WHAT IS EXPECTED ▸ Below is a block of records; repeat all of them exactly.
============================================================
(* Smooth bounded domain Omega whose boundary is the disjoint union of the
   N+1 curves Gamma_i = image of (c1 i, c2 i), i = 0..N; Gamma_0 = Gamma is the
   outer component.  epsn i in {1,-1} fixes the outward normal:
   n = epsn i * (c2', -c1')/|c'|  (Omega lies locally on the side of -n),
   and the unit tangent n^perp = (-n_2, n_1) = epsn i * c'/|c'|. *)
Definition smooth_domain (Om : R -> R -> Prop) (N : nat)
    (c1 c2 : nat -> R -> R) (L epsn : nat -> R) : Prop :=
  open2 Om /\ bounded2 Om /\ path_connected2 Om /\
  (forall i, (i <= N)%nat -> closed_curve (c1 i) (c2 i) (L i)) /\
  (forall x y, boundary2 Om x y <->
      exists i s, (i <= N)%nat /\ c1 i s = x /\ c2 i s = y) /\
  (forall i j s s', (i <= N)%nat -> (j <= N)%nat -> i <> j ->
      ~ (c1 i s = c1 j s' /\ c2 i s = c2 j s')) /\
  (forall i, (i <= N)%nat -> (epsn i = 1 \/ epsn i = -1) /\
     forall s, exists delta, delta > 0 /\ forall h, 0 < h < delta ->
       let n1 := epsn i * derive (c2 i) s in
       let n2 := - epsn i * derive (c1 i) s in
       ~ Om (c1 i s + h * n1) (c2 i s + h * n2) /\
       Om (c1 i s - h * n1) (c2 i s - h * n2)) /\
  (* Gamma_0 is the outer component: each of its points can be joined to
     infinity by a path avoiding the closure of Omega *)
  (forall s, exists p1 p2 : R -> R, continuity p1 /\ continuity p2 /\
      p1 0 = c1 O s /\ p2 0 = c2 O s /\
      (forall tau, 0 < tau -> ~ closure2 Om (p1 tau) (p2 tau)) /\
      (forall M, exists tau, 0 < tau /\ (p1 tau) ^ 2 + (p2 tau) ^ 2 > M)).

(* Circulation of (v1,v2) at time t on Gamma_i:  int_{Gamma_i} v . n^perp ds *)
Definition circulation (v1 v2 : field) (c1 c2 : nat -> R -> R) (L epsn : nat -> R)
    (i : nat) (t : R) : R :=
  epsn i * Rint (fun s => v1 t (c1 i s) (c2 i s) * derive (c1 i) s
                        + v2 t (c1 i s) (c2 i s) * derive (c2 i) s) 0 (L i).

Definition alpha_euler_dirichlet (alpha T : R) (Om : R -> R -> Prop) (N : nat)
    (c1 c2 : nat -> R -> R) (u1 u2 p : field) : Prop :=
  let v1 : field := fun t x y => u1 t x y - alpha * lap u1 t x y in
  let v2 : field := fun t x y => u2 t x y - alpha * lap u2 t x y in
  (forall t x y, 0 <= t < T -> Om x y ->
     pd 0 v1 t x y + u1 t x y * pd 1 v1 t x y + u2 t x y * pd 2 v1 t x y
       + (v1 t x y * pd 1 u1 t x y + v2 t x y * pd 1 u2 t x y) = - pd 1 p t x y /\
     pd 0 v2 t x y + u1 t x y * pd 1 v2 t x y + u2 t x y * pd 2 v2 t x y
       + (v1 t x y * pd 2 u1 t x y + v2 t x y * pd 2 u2 t x y) = - pd 2 p t x y /\
     pd 1 u1 t x y + pd 2 u2 t x y = 0) /\
  (forall t i s, 0 <= t < T -> (i <= N)%nat ->
     u1 t (c1 i s) (c2 i s) = 0 /\ u2 t (c1 i s) (c2 i s) = 0).

(* On Γ_i the Dirichlet condition kills u, so the convective term u·∇v vanishes there
   and the equation reduces to ∂_t v = -∇π - Σ_j v_j ∇u_j.  Since u_j ≡ 0 along Γ_i, its
   tangential derivative vanishes, so ∇u_j is normal to Γ_i and only the pressure
   survives in the tangential component: ∂_t v · c' = -(π ∘ c)'.  The integral of this
   exact derivative over a period of c is zero, and differentiating the circulation
   under the integral sign shows that its time derivative vanishes. *)

From Stdlib Require Import Reals Lra List ClassicalEpsilon FunctionalExtensionality.
From Coquelicot Require Import Coquelicot.
Open Scope R_scope.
============================================================
THE ANSWER ▸
(* Smooth bounded domain Omega whose boundary is the disjoint union of the
   N+1 curves Gamma_i = image of (c1 i, c2 i), i = 0..N; Gamma_0 = Gamma is the
   outer component.  epsn i in {1,-1} fixes the outward normal:
   n = epsn i * (c2', -c1')/|c'|  (Omega lies locally on the side of -n),
   and the unit tangent n^perp = (-n_2, n_1) = epsn i * c'/|c'|. *)
Definition smooth_domain (Om : R -> R -> Prop) (N : nat)
    (c1 c2 : nat -> R -> R) (L epsn : nat -> R) : Prop :=
  open2 Om /\ bounded2 Om /\ path_connected2 Om /\
  (forall i, (i <= N)%nat -> closed_curve (c1 i) (c2 i) (L i)) /\
  (forall x y, boundary2 Om x y <->
      exists i s, (i <= N)%nat /\ c1 i s = x /\ c2 i s = y) /\
  (forall i j s s', (i <= N)%nat -> (j <= N)%nat -> i <> j ->
      ~ (c1 i s = c1 j s' /\ c2 i s = c2 j s')) /\
  (forall i, (i <= N)%nat -> (epsn i = 1 \/ epsn i = -1) /\
     forall s, exists delta, delta > 0 /\ forall h, 0 < h < delta ->
       let n1 := epsn i * derive (c2 i) s in
       let n2 := - epsn i * derive (c1 i) s in
       ~ Om (c1 i s + h * n1) (c2 i s + h * n2) /\
       Om (c1 i s - h * n1) (c2 i s - h * n2)) /\
  (* Gamma_0 is the outer component: each of its points can be joined to
     infinity by a path avoiding the closure of Omega *)
  (forall s, exists p1 p2 : R -> R, continuity p1 /\ continuity p2 /\
      p1 0 = c1 O s /\ p2 0 = c2 O s /\
      (forall tau, 0 < tau -> ~ closure2 Om (p1 tau) (p2 tau)) /\
      (forall M, exists tau, 0 < tau /\ (p1 tau) ^ 2 + (p2 tau) ^ 2 > M)).

(* Circulation of (v1,v2) at time t on Gamma_i:  int_{Gamma_i} v . n^perp ds *)
Definition circulation (v1 v2 : field) (c1 c2 : nat -> R -> R) (L epsn : nat -> R)
    (i : nat) (t : R) : R :=
  epsn i * Rint (fun s => v1 t (c1 i s) (c2 i s) * derive (c1 i) s
                        + v2 t (c1 i s) (c2 i s) * derive (c2 i) s) 0 (L i).

Definition alpha_euler_dirichlet (alpha T : R) (Om : R -> R -> Prop) (N : nat)
    (c1 c2 : nat -> R -> R) (u1 u2 p : field) : Prop :=
  let v1 : field := fun t x y => u1 t x y - alpha * lap u1 t x y in
  let v2 : field := fun t x y => u2 t x y - alpha * lap u2 t x y in
  (forall t x y, 0 <= t < T -> Om x y ->
     pd 0 v1 t x y + u1 t x y * pd 1 v1 t x y + u2 t x y * pd 2 v1 t x y
       + (v1 t x y * pd 1 u1 t x y + v2 t x y * pd 1 u2 t x y) = - pd 1 p t x y /\
     pd 0 v2 t x y + u1 t x y * pd 1 v2 t x y + u2 t x y * pd 2 v2 t x y
       + (v1 t x y * pd 2 u1 t x y + v2 t x y * pd 2 u2 t x y) = - pd 2 p t x y /\
     pd 1 u1 t x y + pd 2 u2 t x y = 0) /\
  (forall t i s, 0 <= t < T -> (i <= N)%nat ->
     u1 t (c1 i s) (c2 i s) = 0 /\ u2 t (c1 i s) (c2 i s) = 0).

(* On Γ_i the Dirichlet condition kills u, so the convective term u·∇v vanishes there
   and the equation reduces to ∂_t v = -∇π - Σ_j v_j ∇u_j.  Since u_j ≡ 0 along Γ_i, its
   tangential derivative vanishes, so ∇u_j is normal to Γ_i and only the pressure
   survives in the tangential component: ∂_t v · c' = -(π ∘ c)'.  The integral of this
   exact derivative over a period of c is zero, and differentiating the circulation
   under the integral sign shows that its time derivative vanishes. *)

From Stdlib Require Import Reals Lra List ClassicalEpsilon FunctionalExtensionality.
From Coquelicot Require Import Coquelicot.
Open Scope R_scope.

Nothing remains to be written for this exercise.